# Megan Phelps-Roper on the Joe Rogan Podcast



## drippin' rock (Jun 13, 2017)

She's the granddaughter of the founder of the Westboro Baptist Church.  This is a great conversation on why she left the church and Christianity.


----------



## bullethead (Jun 13, 2017)

No podcast is showing up


----------



## drippin' rock (Jun 13, 2017)

bullethead said:


> No podcast is showing up



This one is #974


----------



## drippin' rock (Jun 13, 2017)

bullethead said:


> No podcast is showing up



If you mean it's not in my post, that's because there is language that might hurt some ears.  You'll have to grab it on your own?


----------



## ambush80 (Jun 13, 2017)

Thanks.  I'll check it out (though I can't seem to take Rogan seriously).  

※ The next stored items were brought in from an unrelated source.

(* Let $\Omega$ be a triangulation whose edges are labeled as terminal-, internal- and frontier-edges, and let $R$ be a terminal-edge region of $\Omega$. Apply the polygon construction (traversal) procedure starting from a seed triangle of $R$. During this procedure, each triangle of $R$ is visited at most $3$ times.
   Context: Let $\Omega$ be a triangulation in which every triangle has a designated unique longest edge (ties between equal-length edges are broken arbitrarily but consistently). Edges are labeled as follows. An edge shared by two triangles is: - a terminal-edge if it is the longest edge of both triangles; - a frontier-edge if it is the longest edge of neither triangle; - an internal-edge otherwise. Edges belonging to a single triangle are boundary edges and are treated as frontier-edges. For a triangle $t_0$, $\mathrm{Lepp}(t_0)$ is the sequence $t_0,t_1,\dots$ in which each $t_i$ is the neighbor of $t_{i-1}$ across the longest edge of $t_{i-1}$, ending at a terminal (or boundary) edge. A terminal-edge region is the union of all triangles whose Lepp ends at the same terminal-edge. It is bounded by frontier-edges, and its triangles are connected to each other across internal-edges (and terminal-edges). The polygon construction procedure builds the boundary polygon of $R$ as a counter-clockwise list of frontier-edge vertices. It starts from a seed triangle $t$ of $R$: - If $t$ has 3 frontier-edges, $t$ itself is the polygon. - Otherwise the frontier-edges of $t$ (if any) are appended in counter-clockwise order. The initial vertex $v_{init}$ and the current endpoint $v_{end}$ are recorded (if $t$ has no frontier-edge, both are set to an arbitrary vertex of $t$). The procedure then repeatedly moves from the current triangle to a neighboring triangle $t'$ of $R$, always across a non-frontier edge (an internal-edge), choosing the neighbor that contains $v_{end}$: - If $t'$ has one frontier-edge incident to $v_{end}$, that edge is appended, $v_{end}$ is updated to its other endpoint, and the procedure moves to the not-previously-visited internal-edge neighbor containing $v_{end}$. - If $t'$ has two frontier-edges, both are appended, $v_{end}$ is updated, and the procedure returns to the previously visited triangle. - If $t'$ has no frontier-edge, the procedure moves to the internal-edge neighbor, in counter-clockwise order, that contains $v_{end}$. The procedure stops when $v_{end}=v_{init}$ and the walk returns to the starting triangle. Each move into a triangle counts as one visit of that triangle. *)

From mathcomp Require Import all_boot all_order all_algebra.
Set Implicit Arguments. Unset Strict Implicit. Unset Printing Implicit Defensive.
Import Order.TTheory GRing.Theory Num.Theory.

Local Open Scope ring_scope.

(* twice the signed area of (p,q,r); > 0 iff p,q,r is counter-clockwise *)
Definition orient (R : numDomainType) (p q r : R * R) : R :=
  (q.1 - p.1) * (r.2 - p.2) - (q.2 - p.2) * (r.1 - p.1).

Definition len2 (R : numDomainType) (p q : R * R) : R :=
  (p.1 - q.1) ^+ 2 + (p.2 - q.2) ^+ 2.

Local Close Scope ring_scope.

(* ---------- triangles: tv t i (i : 'I_3) are the vertices of t in ccw order;
   edge i of t goes from tv t i to tv t (nxt i) ---------- *)
Definition nxt (i : 'I_3) : 'I_3 := ordS i.
Definition prv (i : 'I_3) : 'I_3 := ord_pred i.

Definition ccw_tri (R : numDomainType) (V T : Type) (pos : V -> R * R)
  (tv : T -> 'I_3 -> V) (t : T) : bool :=
  (0 < orient (pos (tv t ord0)) (pos (tv t (nxt ord0))) (pos (tv t (nxt (nxt ord0)))))%R.

Definition inside_tri (R : numDomainType) (V T : Type) (pos : V -> R * R)
  (tv : T -> 'I_3 -> V) (t : T) (q : R * R) : bool :=
  [&& (0 < orient (pos (tv t ord0)) (pos (tv t (nxt ord0))) q)%R,
      (0 < orient (pos (tv t (nxt ord0))) (pos (tv t (nxt (nxt ord0)))) q)%R &
      (0 < orient (pos (tv t (nxt (nxt ord0)))) (pos (tv t ord0)) q)%R].

Definition same_edge (V : eqType) (a b c d : V) : bool :=
  ((a == c) && (b == d)) || ((a == d) && (b == c)).

Section Labels.
Context {V : eqType} {T : finType} (tv : T -> 'I_3 -> V) (lg : T -> 'I_3).
(* lg t = index of the designated longest edge of t *)

Definition has_edge (t : T) (u w : V) : bool :=
  [exists i : 'I_3, same_edge (tv t i) (tv t (nxt i)) u w].

Definition is_longest (t : T) (u w : V) : bool :=
  same_edge (tv t (lg t)) (tv t (nxt (lg t))) u w.

Definition boundary (t : T) (i : 'I_3) : bool :=
  [forall t' : T, (t' != t) ==> ~~ has_edge t' (tv t i) (tv t (nxt i))].

Definition frontier (t : T) (i : 'I_3) : bool :=
  boundary t i ||
  [exists t' : T, [&& t' != t, has_edge t' (tv t i) (tv t (nxt i)),
                      lg t != i & ~~ is_longest t' (tv t i) (tv t (nxt i))]].

Definition terminal (t : T) (i : 'I_3) : bool :=
  [exists t' : T, [&& t' != t, has_edge t' (tv t i) (tv t (nxt i)),
                      lg t == i & is_longest t' (tv t i) (tv t (nxt i))]].

(* lepp_ends t u w : Lepp(t) ends at the edge {u,w} (a terminal edge or a
   boundary longest edge) *)
Inductive lepp_ends : T -> V -> V -> Prop :=
| lepp_stop t u w :
    same_edge (tv t (lg t)) (tv t (nxt (lg t))) u w ->
    boundary t (lg t) || terminal t (lg t) ->
    lepp_ends t u w
| lepp_next t t' u w :
    ~~ boundary t (lg t) -> ~~ terminal t (lg t) ->
    t' != t -> has_edge t' (tv t (lg t)) (tv t (nxt (lg t))) ->
    lepp_ends t' u w -> lepp_ends t u w.

(* ---------- polygon construction walk ----------
   State (t, i): current triangle t, current endpoint v_end = tv t i.
   One step: if the ccw edge of t leaving v_end is a frontier-edge it is
   appended and v_end advances along it; otherwise the walk moves across
   that (non-frontier) edge into the neighbouring triangle, keeping v_end. *)
Definition step (s : T * 'I_3) : T * 'I_3 :=
  let: (t, i) := s in
  if frontier t i then (t, nxt i) else
  match [pick t' | (t' != t) && has_edge t' (tv t i) (tv t (nxt i))] with
  | Some t' => (t', odflt i [pick j | tv t' j == tv t i])
  | None => (t, nxt i)
  end.

Definition crosses (s : T * 'I_3) : bool := ~~ frontier s.1 s.2.

Definition walk (s0 : T * 'I_3) (k : nat) : T * 'I_3 := iter k step s0.

Definition visits (s0 : T * 'I_3) (t : T) (k : nat) : nat :=
  \sum_(0 <= j < k) (crosses (walk s0 j) && ((walk s0 j.+1).1 == t)).

End Labels.

From mathcomp Require Import all_boot all_order all_algebra.
From mathcomp Require Import ring.

(* The walk acts on states (t, i), meaning "current triangle t, v_end = tv t i",
   and its step map is injective: advancing along a frontier-edge is undone by
   going back one vertex, and crossing an internal edge is undone by crossing it
   again, since the neighbour holds that edge with reversed orientation and an
   edge is a frontier-edge of one side iff it is one of the other.  Hence, until
   the walk returns to its starting state, all states it reaches are distinct.
   Every move into t lands in one of the three states (t, i), so t is entered at
   most three times. *)

Set Implicit Arguments. Unset Strict Implicit. Unset Printing Implicit Defensive.
Import Order.TTheory.

Lemma ord3P (i : 'I_3) : i = ord0 \/ i = nxt ord0 \/ i = nxt (nxt ord0).
Proof. by case: i => [[|[|[|m]]] Hi] //; [left | right; left | right; right]; apply: val_inj. Qed.

Lemma nxt_inj : injective nxt.
Proof. exact: ordS_inj. Qed.

Lemma nxt2_neq (i : 'I_3) : nxt (nxt i) != i.
Proof. by case: (ord3P i) => [->|[->|->]]. Qed.

Lemma ccw_tri_inj (R : numDomainType) (V : eqType) (T : Type) (pos : V -> R * R)
  (tv : T -> 'I_3 -> V) (t : T) : ccw_tri pos tv t -> injective (tv t).
Proof.
rewrite /ccw_tri.
set a := tv t ord0; set b := tv t (nxt ord0); set c := tv t (nxt (nxt ord0)).
have orient_pp (p q : R * R) : orient p p q = 0%R by rewrite /orient; ring.
have orient_qq (p q : R * R) : orient p q q = 0%R by rewrite /orient; ring.
have orient_pqp (p q : R * R) : orient p q p = 0%R by rewrite /orient; ring.
move=> ccw.
have ab : a != b by apply/eqP=> E; move: ccw; rewrite E orient_pp ltxx.
have bc : b != c by apply/eqP=> E; move: ccw; rewrite E orient_qq ltxx.
have ac : a != c by apply/eqP=> E; move: ccw; rewrite E orient_pqp ltxx.
move=> i j.
case: (ord3P i) => [->|[->|->]]; case: (ord3P j) => [->|[->|->]] //;
  rewrite -/a -/b -/c => E; move: ab bc ac; rewrite E eqxx //= ?andbF.
Qed.

Lemma iter_neq_before_return (X : eqType) (f : X -> X) (x : X) (k : nat) :
  injective f -> (forall j, 0 < j < k -> iter j f x != x) ->
  forall a b, a < b < a + k -> iter a f x != iter b f x.
Proof.
move=> f_inj no_return a b /andP[ab bak]; apply/eqP => E.
have iter_inj n : injective (iter n f) by elim: n => [|n IH] y z //= /f_inj /IH.
have /no_return : 0 < b - a < k by rewrite subn_gt0 ab ltn_subLR // ltnW.
by rewrite -(subnKC (ltnW ab)) iterD in E; rewrite -(iter_inj _ _ _ E) eqxx.
Qed.

Section PolygonWalk.

Variables (V : eqType) (T : finType) (tv : T -> 'I_3 -> V) (lg : T -> 'I_3).
Hypothesis tv_inj : forall t, injective (tv t).
Hypothesis tv_conforming : forall t t' i i',
  tv t i = tv t' i' -> tv t (nxt i) = tv t' (nxt i') -> t = t'.

Lemma has_edge_reversed t t' i : t' != t -> has_edge tv t' (tv t i) (tv t (nxt i)) ->
  exists j, tv t' j = tv t (nxt i) /\ tv t' (nxt j) = tv t i.
Proof.
move=> t't /existsP[j]; case/orP => /andP[/eqP e1 /eqP e2]; last by exists j.
by move: t't; rewrite (tv_conforming e1 e2) eqxx.
Qed.

Lemma edge_neighbour_unique t t1 t2 i : t1 != t -> t2 != t ->
  has_edge tv t1 (tv t i) (tv t (nxt i)) ->
  has_edge tv t2 (tv t i) (tv t (nxt i)) -> t1 = t2.
Proof.
move=> t1t t2t /(has_edge_reversed t1t)[j1 [a1 b1]] /(has_edge_reversed t2t)[j2 [a2 b2]].
by apply: (tv_conforming (i := j1) (i' := j2)); rewrite ?a1 ?a2 ?b1 ?b2.
Qed.

Lemma step_frontier t i : frontier tv lg t i -> step tv lg (t, i) = (t, nxt i).
Proof. by rewrite /step => ->. Qed.

Lemma step_cross t i : ~~ frontier tv lg t i ->
  exists t' j, [/\ step tv lg (t, i) = (t', nxt j), t' != t,
                   tv t' j = tv t (nxt i) & tv t' (nxt j) = tv t i].
Proof.
move=> nf; have := nf; rewrite /frontier negb_or => /andP[not_bd _].
rewrite /step (negbTE nf).
case: pickP => [t1 /andP[t1t e1] | no_nb]; last first.
  move: not_bd => /forallPn[t1]; rewrite negb_imply negbK => /andP[t1t e1].
  by move: (no_nb t1); rewrite t1t e1.
have [j [a b]] := has_edge_reversed t1t e1.
case: pickP => [j' /eqP Hj' | no_vertex]; last by move: (no_vertex (nxt j)); rewrite b eqxx.
by exists t1, j; split => //; congr pair; apply: (tv_inj (t := t1)); rewrite Hj' b.
Qed.

Lemma frontier_reversed t t' i j : frontier tv lg t i -> t' != t ->
  tv t' j = tv t (nxt i) -> tv t' (nxt j) = tv t i -> frontier tv lg t' j.
Proof.
move=> F t't a b.
have e' : has_edge tv t' (tv t i) (tv t (nxt i)).
  by apply/existsP; exists j; rewrite /same_edge a b !eqxx orbT.
case/orP: F => [/forallP/(_ t')|]; first by rewrite t't e'.
case/existsP=> t1 /and4P[t1t e1 lg_t not_lg_t1].
have E := edge_neighbour_unique t1t t't e1 e'; subst t1.
apply/orP; right; apply/existsP; exists t; rewrite eq_sym t't /=.
apply/and3P; split.
- by apply/existsP; exists i; rewrite /same_edge a b !eqxx orbT.
- by apply/eqP=> L; move: not_lg_t1; rewrite /is_longest L a b /same_edge !eqxx orbT.
- rewrite /is_longest a b /same_edge; apply/negP.
  case/orP => /andP[/eqP/tv_inj E1 /eqP/tv_inj E2].
  + by move: (nxt2_neq i); rewrite -E1 E2 eqxx.
  + by move: lg_t; rewrite E1 eqxx.
Qed.

Lemma step_inj : injective (step tv lg).
Proof.
move=> [t i] [t2 i2].
case F1: (frontier tv lg t i); case F2: (frontier tv lg t2 i2).
- by rewrite !step_frontier // => /pair_equal_spec[-> /nxt_inj ->].
- have [t' [j [-> t't a b]]] := step_cross (negbT F2).
  rewrite step_frontier // => /pair_equal_spec[E1 /nxt_inj E2]; subst t' j.
  by move: F2; rewrite (frontier_reversed F1 _ (esym b) (esym a)) // eq_sym.
- have [t' [j [-> t't a b]]] := step_cross (negbT F1).
  rewrite step_frontier // => /pair_equal_spec[E1 /nxt_inj E2]; subst t' j.
  by move: F1; rewrite (frontier_reversed F2 _ (esym b) (esym a)) // eq_sym.
- have [t' [j [-> _ a b]]] := step_cross (negbT F1).
  have [t2' [j2 [-> _ a2 b2]]] := step_cross (negbT F2).
  move/pair_equal_spec=> [E1 /nxt_inj E2]; subst t2' j2.
  have Et : t = t2 by apply: (tv_conforming (i := i) (i' := i2)); rewrite -?a -?b ?a2 ?b2.
  by subst t2; congr pair; apply: (tv_inj (t := t)); rewrite -b b2.
Qed.

Lemma visits_le_entries s0 t k :
  visits tv lg s0 t k <= #|[pred j : 'I_k | (walk tv lg s0 j.+1).1 == t]|.
Proof.
rewrite /visits big_mkord -sum1_card [X in _ <= X]big_mkcond /=.
by apply: leq_sum => j _; rewrite inE; case: (crosses _); case: (_ == t).
Qed.

Lemma visits_le3 s0 t k :
  (forall j, 0 < j < k -> walk tv lg s0 j != s0) -> visits tv lg s0 t k <= 3.
Proof.
move=> no_return; apply: leq_trans (visits_le_entries s0 t k) _.
have walk_neq (a b : 'I_k) : a < b -> walk tv lg s0 a.+1 != walk tv lg s0 b.+1.
  move=> ab; apply: (iter_neq_before_return step_inj no_return).
  by rewrite ltnS ab addSn ltnS (leq_trans (ltn_ord b) (leq_addl a k)).
suff entry_inj : {in [pred j : 'I_k | (walk tv lg s0 j.+1).1 == t] &,
    injective (fun j : 'I_k => (walk tv lg s0 j.+1).2)}.
  by have := leq_card_in _ _ entry_inj; rewrite card_ord.
move=> a b; rewrite !inE => /eqP Ha /eqP Hb E.
have same_state : walk tv lg s0 a.+1 = walk tv lg s0 b.+1.
  by rewrite [LHS]surjective_pairing [RHS]surjective_pairing Ha Hb E.
case: (ltngtP a b) => [ab | ba | /val_inj //].
- by move: (walk_neq _ _ ab); rewrite same_state eqxx.
- by move: (walk_neq _ _ ba); rewrite same_state eqxx.
Qed.

End PolygonWalk.

Theorem lemma1 (R : realFieldType) (V T : finType) (pos : V -> R * R)
  (tv : T -> 'I_3 -> V) (lg : T -> 'I_3) (rk : V -> V -> nat)
  (* Omega is a (consistently ccw-oriented, conforming) triangulation *)
  (Hccw : forall t, ccw_tri pos tv t)
  (Hdir : forall t t' i i', tv t i = tv t' i' ->
            tv t (nxt i) = tv t' (nxt i') -> t = t')
  (Hdisj : forall t t' q, inside_tri pos tv t q -> inside_tri pos tv t' q -> t = t')
  (* designated unique longest edge, ties broken consistently by rank rk *)
  (Hrk_sym : forall a b, rk a b = rk b a)
  (Hrk_inj : forall a b c d, rk a b = rk c d -> same_edge a b c d)
  (Hrk_len : forall a b c d,
      (len2 (pos a) (pos b) < len2 (pos c) (pos d))%R -> rk a b < rk c d)
  (Hlg : forall t i, i != lg t ->
      rk (tv t i) (tv t (nxt i)) < rk (tv t (lg t)) (tv t (nxt (lg t))))
  (* R = terminal-edge region of edge {u,w}; seed triangle in R *)
  (u w : V) (seed : T) (i0 : 'I_3)
  (Hseed : lepp_ends tv lg seed u w)
  (* v_init = tv seed i0: start of the ccw run of frontier-edges of seed
     (arbitrary if seed has no frontier-edge or only frontier-edges) *)
  (Hi0 : (exists j, frontier tv lg seed j) -> (exists j, ~~ frontier tv lg seed j) ->
         frontier tv lg seed i0 && ~~ frontier tv lg seed (prv i0)) :
  forall (t : T) (k : nat),
    lepp_ends tv lg t u w ->
    (* the procedure has not stopped before step k *)
    (forall j, 0 < j < k -> walk tv lg (seed, i0) j != (seed, i0)) ->
    visits tv lg (seed, i0) t k <= 3.
Proof.
(* Only the conformity and orientation of the triangulation matter: the bound
   holds for every triangle, not just those of the region. *)
move=> t k _ no_return.
have tv_inj t' : injective (tv t') := ccw_tri_inj (Hccw t').
exact: (visits_le3 tv_inj Hdir) no_return.
Qed.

This was great, too (and no poopy mouth)


----------



## bullethead (Jun 13, 2017)

Wonderfully informative


----------



## drippin' rock (Jun 13, 2017)

ambush80 said:


> Thanks.  I'll check it out (though I can't seem to take Rogan seriously).
> 
> This was great, too (and no poopy mouth)



You've mentioned before your distaste for JR. There are moments when he grates me, but they are rare. With 976 or so podcasts and 10 million downloads per, he is becoming a force to be reckoned with. His viewership beats all MSM and network tv.


----------